# 1:1 sugar water pH adjusted recipe



## philip.devos (Aug 10, 2013)

This past year when I mixed 1:1 sugar water, I routinely added 1 or 2 tbsp of Bragg apple cider vinegar to move the pH down. In retrospect, I think this is NOT the way to do it.

Does anyone have a recipe for pH adjusted sugar water, OR is my thinking wrong?

I have read in various places that the higher alkaline sugar water may contribute to various ailments, and that the lower pH sugar water may reduce the risk of these ailments.

Phil


----------



## CS Bee Man (Dec 30, 2013)

I use vitamin C crystals from the health food store, about a teaspoon to 12 lbs of sugar in 1:1 or 2:1 syrup. The bees took it fine. I fed for about 5 months last year. I have been a beek for almost a year. Have four hives two nucs and raised two queens.


----------



## Rusty Hills Farm (Mar 24, 2010)

Phil, the problem with a set "formula" is that water's pH varies from place to place. You really have to test the water source you will be using. A simple test kit will do the job for you. Once you know your pH, then you can adjust up or down (usually down) with your Bragg's and retest/tinker with THAT sample until you hit the pH you want. Then you can make your syrup using the figures you've already determined to get your pH. That's what I did anyhow.

Unless somebody out there knows a better way?

FWIW


Rusty


----------



## DRAKOS (Oct 17, 2011)

And what is our target for PH?


----------



## CS Bee Man (Dec 30, 2013)

I shoot for 3.5 to 4 using a PH meter.


----------



## BeeCurious (Aug 7, 2007)

I use Hydrion short range test papers ( 3.0 to 5.5 ph ) and ascorbic acid to adjust my syrup. For my water, 3.5 grams of ascorbic acid crystals is enough to adjust a batch of 5:3 syrup made with 25 lbs of sugar down to a ph of about 4.0

I should measure the crystals to see approximately what the dry measure would be so that measuring spoons could be used...


----------



## Rusty Hills Farm (Mar 24, 2010)

I aim for 4.0, although nectar varies from as low as 2.9 to as high as 6.4, I believe. The 4.0 seemed like a reasonable middle point to me.

HTH

Rusty


----------



## JWChesnut (Jul 31, 2013)

In my observation, vinegar as an acid source is hard on bees, spoils quickly, and promotes robbing and draws yellow jackets. Powdered ascorbic acid (as a canning supplement) or crushed vitamin C pills have become my practice. Ascorbic acid, Cream or Tartar, Oxalic acid, Acetic acid would all catalyze sugar inversion. Ascorbic is likely the best to prevent souring of the syrup. 

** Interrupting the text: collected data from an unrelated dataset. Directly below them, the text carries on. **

(* Let $\mathfrak{K}=(\{a,b\},R,E)$ be the $\mathsf{MS4}$-frame with $R[a]=\{a,b\}$, $R[b]=\{b\}$, $E[a]=E[b]=\{a,b\}$, and let $\mathfrak{H}=(\{a,b,c\},R,E)$ be the $\mathsf{MS4}$-frame with $R[a]=\{a,b,c\}$, $R[b]=R[c]=\{b,c\}$, $E[a]=E[b]=\{a,b\}$, $E[c]=\{c\}$. Then: (1) $\mathfrak{K}\vDash\mathsf{MGrz}$ but $\mathfrak{K}\nvDash\mathsf{LKur}$; (2) $\mathfrak{H}\vDash\mathsf{LKur}$ but $\mathfrak{H}\nvDash\mathsf{MGrz}$; (3) $\mathsf{MGrz}$ and $\mathsf{LKur}$ are incomparable (neither contains the other).
   Context: $\mathsf{MS4}$ is the smallest set of formulas in the classical bimodal language $\mathcal{L}_{\Box\forall}$ containing all classical tautologies, the $\mathsf{S4}$ axioms for $\Box$, the $\mathsf{S5}$ axioms for $\forall$, and $\Box\forall p\to\forall\Box p$, closed under modus ponens, substitution, $\Box$- and $\forall$-necessitation; $\Diamond=\neg\Box\neg$, $\exists=\neg\forall\neg$. $\mathsf{MGrz}=\mathsf{MS4}+\Box(\Box(p\to\Box p)\to p)\to p$ and $\mathsf{LKur}=\mathsf{MS4}+\Box\forall\Diamond\Box p\to\Diamond\forall p$ (smallest extensions closed under the same rules containing the extra axiom). An $\mathsf{MS4}$-frame is $(Y,R,E)$ with $R$ a quasi-order, $E$ an equivalence relation, such that $xEy$ and $yRz$ imply there is $u$ with $xRu$ and $uEz$. Formulas are evaluated with valuations assigning subsets of $Y$ to letters, $\Box$ interpreted via $R$ and $\forall$ via $E$; a frame validates a logic if every formula of the logic is true at every point under every valuation. $R[x]=\{y: xRy\}$. *)

Inductive form : Type :=
| Var : nat -> form
| Bot : form
| Imp : form -> form -> form
| Box : form -> form
| All : form -> form.

Definition Neg (a : form) : form := Imp a Bot.
Definition Dia (a : form) : form := Neg (Box (Neg a)).
Definition Ex (a : form) : form := Neg (All (Neg a)).

(* Classical tautologies: formulas true under every boolean assignment to the
   "atoms" (propositional letters and modalized subformulas). *)
Fixpoint tv (v : form -> bool) (f : form) : bool :=
  match f with
  | Var _ => v f
  | Bot => false
  | Imp a b => implb (tv v a) (tv v b)
  | Box _ => v f
  | All _ => v f
  end.

Definition tautology (f : form) : Prop := forall v, tv v f = true.

Fixpoint subst (s : nat -> form) (f : form) : form :=
  match f with
  | Var n => s n
  | Bot => Bot
  | Imp a b => Imp (subst s a) (subst s b)
  | Box a => Box (subst s a)
  | All a => All (subst s a)
  end.

Definition p : form := Var 0.
Definition q : form := Var 1.

Inductive derivable (Ax : form -> Prop) : form -> Prop :=
| d_taut : forall f, tautology f -> derivable Ax f
| d_boxK : derivable Ax (Imp (Box (Imp p q)) (Imp (Box p) (Box q)))
| d_boxT : derivable Ax (Imp (Box p) p)
| d_box4 : derivable Ax (Imp (Box p) (Box (Box p)))
| d_allK : derivable Ax (Imp (All (Imp p q)) (Imp (All p) (All q)))
| d_allT : derivable Ax (Imp (All p) p)
| d_all4 : derivable Ax (Imp (All p) (All (All p)))
| d_all5 : derivable Ax (Imp (Ex p) (All (Ex p)))
| d_mix : derivable Ax (Imp (Box (All p)) (All (Box p)))
| d_ax : forall f, Ax f -> derivable Ax f
| d_mp : forall a b, derivable Ax (Imp a b) -> derivable Ax a -> derivable Ax b
| d_subst : forall s f, derivable Ax f -> derivable Ax (subst s f)
| d_necBox : forall f, derivable Ax f -> derivable Ax (Box f)
| d_necAll : forall f, derivable Ax f -> derivable Ax (All f).

Definition MS4 : form -> Prop := derivable (fun _ => False).

Definition grz_ax : form := Imp (Box (Imp (Box (Imp p (Box p))) p)) p.
Definition kur_ax : form := Imp (Box (All (Dia (Box p)))) (Dia (All p)).

Definition MGrz : form -> Prop := derivable (fun f => f = grz_ax).
Definition LKur : form -> Prop := derivable (fun f => f = kur_ax).

Fixpoint sat {Y : Type} (R E : Y -> Y -> Prop) (V : nat -> Y -> Prop)
  (f : form) (x : Y) : Prop :=
  match f with
  | Var n => V n x
  | Bot => False
  | Imp a b => sat R E V a x -> sat R E V b x
  | Box a => forall y, R x y -> sat R E V a y
  | All a => forall y, E x y -> sat R E V a y
  end.

Definition is_MS4_frame {Y : Type} (R E : Y -> Y -> Prop) : Prop :=
  (forall x, R x x) /\ (forall x y z, R x y -> R y z -> R x z) /\
  (forall x, E x x) /\ (forall x y, E x y -> E y x) /\
  (forall x y z, E x y -> E y z -> E x z) /\
  (forall x y z, E x y -> R y z -> exists u, R x u /\ E u z).

Definition frame_validates {Y : Type} (R E : Y -> Y -> Prop) (L : form -> Prop) : Prop :=
  forall f, L f -> forall (V : nat -> Y -> Prop) (x : Y), sat R E V f x.

Inductive Kpt : Type := Ka | Kb.
Definition KR (x y : Kpt) : Prop :=
  match x, y with
  | Ka, _ => True
  | Kb, Kb => True
  | Kb, Ka => False
  end.
Definition KE (x y : Kpt) : Prop := True.

Inductive Hpt : Type := Ha | Hb | Hc.
Definition HR (x y : Hpt) : Prop :=
  match x, y with
  | Ha, _ => True
  | Hb, Ha => False
  | Hb, _ => True
  | Hc, Ha => False
  | Hc, _ => True
  end.
Definition HE (x y : Hpt) : Prop :=
  match x, y with
  | Hc, Hc => True
  | Hc, _ => False
  | _, Hc => False
  | _, _ => True
  end.

(* Every logic derivable from MS4 plus extra axioms is validated by each
   MS4-frame validating those axioms, so a frame validating one logic but
   refuting an axiom of the other separates them.  K is a finite partial order
   and so validates Grz; taking p true exactly at b, the formula Box All Dia Box p
   holds at a while Dia All p fails there, since a lies in every E-class.  In H
   every point sees c, whose E-class is {c}, which forces Kur; but {b, c} is a
   proper R-cluster, and with p true exactly at b the Grz axiom fails at c. *)

From Stdlib Require Import ClassicalEpsilon.

Section Soundness.
Context {Y : Type} (R E : Y -> Y -> Prop).

Lemma sat_subst (s : nat -> form) V f x :
  sat R E V (subst s f) x <-> sat R E (fun n y => sat R E V (s n) y) f x.
Proof.
  revert x; induction f; intros x; simpl; try tauto.
  - rewrite IHf1, IHf2; tauto.
  - split; intros H y Hy; apply IHf; auto.
  - split; intros H y Hy; apply IHf; auto.
Qed.

Lemma sat_tautology f V x : tautology f -> sat R E V f x.
Proof.
  intros Htaut.
  set (v := fun g => if excluded_middle_informative (sat R E V g x) then true else false).
  assert (tv_sat : forall g, tv v g = true <-> sat R E V g x).
  { induction g; simpl;
      try (unfold v; destruct excluded_middle_informative; split; auto; discriminate).
    - split; [discriminate | contradiction].
    - rewrite <- IHg1, <- IHg2.
      destruct (tv v g1), (tv v g2); simpl; intuition congruence. }
  apply tv_sat, Htaut.
Qed.

Lemma derivable_sound (Ax : form -> Prop) :
  is_MS4_frame R E -> (forall f, Ax f -> forall V x, sat R E V f x) ->
  frame_validates R E (derivable Ax).
Proof.
  intros [Rrefl [Rtrans [Erefl [Esym [Etrans Rcomm]]]]] HAx f Hf.
  induction Hf; intros V x; simpl; auto.
  - apply sat_tautology; assumption.
  - intros H y Hxy z Hyz. apply H; eauto.
  - intros H y Hxy z Hyz. apply H; eauto.
  - intros H z Hxz Hex. apply H. intros y Hxy. apply Hex. eauto.
  - intros H z Hxz y Hzy.
    destruct (Rcomm _ _ _ Hxz Hzy) as [u [Hxu Huy]].
    exact (H u Hxu y Huy).
  - apply (IHHf1 V x), IHHf2.
  - apply sat_subst, IHHf.
Qed.

Lemma validates_axiom_extension (a : form) :
  is_MS4_frame R E -> (forall V x, sat R E V a x) ->
  frame_validates R E (derivable (fun f => f = a)).
Proof.
  intros Hframe Ha. apply derivable_sound; [assumption |].
  intros f -> ; exact Ha.
Qed.

Lemma refutes_axiom_extension (a : form) V x :
  ~ sat R E V a x -> ~ frame_validates R E (derivable (fun f => f = a)).
Proof. intros Hrefute Hvalid. exact (Hrefute (Hvalid a (d_ax _ _ eq_refl) V x)). Qed.

Lemma not_incl_of_separating_frame (L1 L2 : form -> Prop) :
  frame_validates R E L1 -> ~ frame_validates R E L2 -> ~ (forall f, L2 f -> L1 f).
Proof. intros H1 H2 Hincl. apply H2. intros f Hf. apply H1, Hincl, Hf. Qed.

End Soundness.

Lemma K_MS4_frame : is_MS4_frame KR KE.
Proof.
  unfold is_MS4_frame, KE; repeat split; auto.
  - intros []; simpl; auto.
  - intros [] [] []; simpl; auto.
  - intros x y z _ _. exists x. destruct x; simpl; auto.
Qed.

Lemma H_MS4_frame : is_MS4_frame HR HE.
Proof.
  unfold is_MS4_frame; repeat split.
  - intros []; simpl; auto.
  - intros [] [] []; simpl; auto.
  - intros []; simpl; auto.
  - intros [] []; simpl; auto.
  - intros [] [] []; simpl; auto.
  - intros [] [] [] Hxy Hyz; simpl in *; try contradiction;
      first [ exists Ha; simpl; auto; fail
            | exists Hb; simpl; auto; fail
            | exists Hc; simpl; auto ].
Qed.

Lemma K_sat_grz V x : sat KR KE V grz_ax x.
Proof.
  simpl. intros Hgrz.
  assert (p_at_Kb : V 0 Kb).
  { apply (Hgrz Kb); [destruct x; simpl; auto |].
    intros y Hy Hp z Hz. destruct y, z; simpl in *; auto; contradiction. }
  destruct x; [| exact p_at_Kb].
  apply (Hgrz Ka); simpl; auto.
  intros y Hy Hp z Hz. destruct y, z; simpl in *; auto; contradiction.
Qed.

Lemma K_refutes_kur : ~ sat KR KE (fun _ y => y = Kb) kur_ax Ka.
Proof.
  simpl. intros Hkur. apply Hkur.
  - intros y _ z _ Hnot. apply (Hnot Kb); [destruct z; simpl; auto |].
    intros w Hw. destruct w; simpl in *; auto; contradiction.
  - intros y _ Hall. discriminate (Hall Ka I).
Qed.

Lemma H_sat_kur V x : sat HR HE V kur_ax x.
Proof.
  simpl. intros Hbox Hnot.
  assert (x_sees_c : HR x Hc) by (destruct x; simpl; auto).
  apply (Hbox Hc x_sees_c Hc I). intros y Hcy Hp.
  assert (p_at_c : V 0 Hc) by (apply Hp; destruct y; simpl in *; auto).
  apply (Hnot Hc x_sees_c).
  intros z Hz. destruct z; simpl in Hz; [contradiction | contradiction | exact p_at_c].
Qed.

Lemma H_refutes_grz : ~ sat HR HE (fun _ y => y = Hb) grz_ax Hc.
Proof.
  simpl. intros Hgrz. discriminate Hgrz.
  intros y Hy Hbox. exfalso.
  destruct y; simpl in Hy; [contradiction | |]; discriminate (Hbox Hb I eq_refl Hc I).
Qed.

Theorem theorem5p4 :
  (is_MS4_frame KR KE /\ is_MS4_frame HR HE) /\
  (frame_validates KR KE MGrz /\ ~ frame_validates KR KE LKur) /\
  (frame_validates HR HE LKur /\ ~ frame_validates HR HE MGrz) /\
  ((~ forall f, MGrz f -> LKur f) /\ (~ forall f, LKur f -> MGrz f)).
Proof.
  assert (K_MGrz : frame_validates KR KE MGrz)
    by exact (validates_axiom_extension _ _ _ K_MS4_frame K_sat_grz).
  assert (K_not_LKur : ~ frame_validates KR KE LKur)
    by exact (refutes_axiom_extension _ _ _ _ _ K_refutes_kur).
  assert (H_LKur : frame_validates HR HE LKur)
    by exact (validates_axiom_extension _ _ _ H_MS4_frame H_sat_kur).
  assert (H_not_MGrz : ~ frame_validates HR HE MGrz)
    by exact (refutes_axiom_extension _ _ _ _ _ H_refutes_grz).
  refine (conj (conj K_MS4_frame H_MS4_frame)
            (conj (conj K_MGrz K_not_LKur) (conj (conj H_LKur H_not_MGrz) (conj _ _)))).
  - exact (not_incl_of_separating_frame _ _ _ _ H_LKur H_not_MGrz).
  - exact (not_incl_of_separating_frame _ _ _ _ K_MGrz K_not_LKur).
Qed.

Mostly I have abandoned vinegar because it too easy to overdose the syrup-- you add it as the technical "glug" from the gallon bottle-- as you mix up 10 gallons at a time. And too much gets poured into the mix.

An acid source functions to catalyze the inversion (splitting) of white sugar to glucose-fructose. Once sugar has been split (hydrolyzed); the fructose, itself, becomes a hydrogen donor to the solution and promotes an acid reaction observed in honey. 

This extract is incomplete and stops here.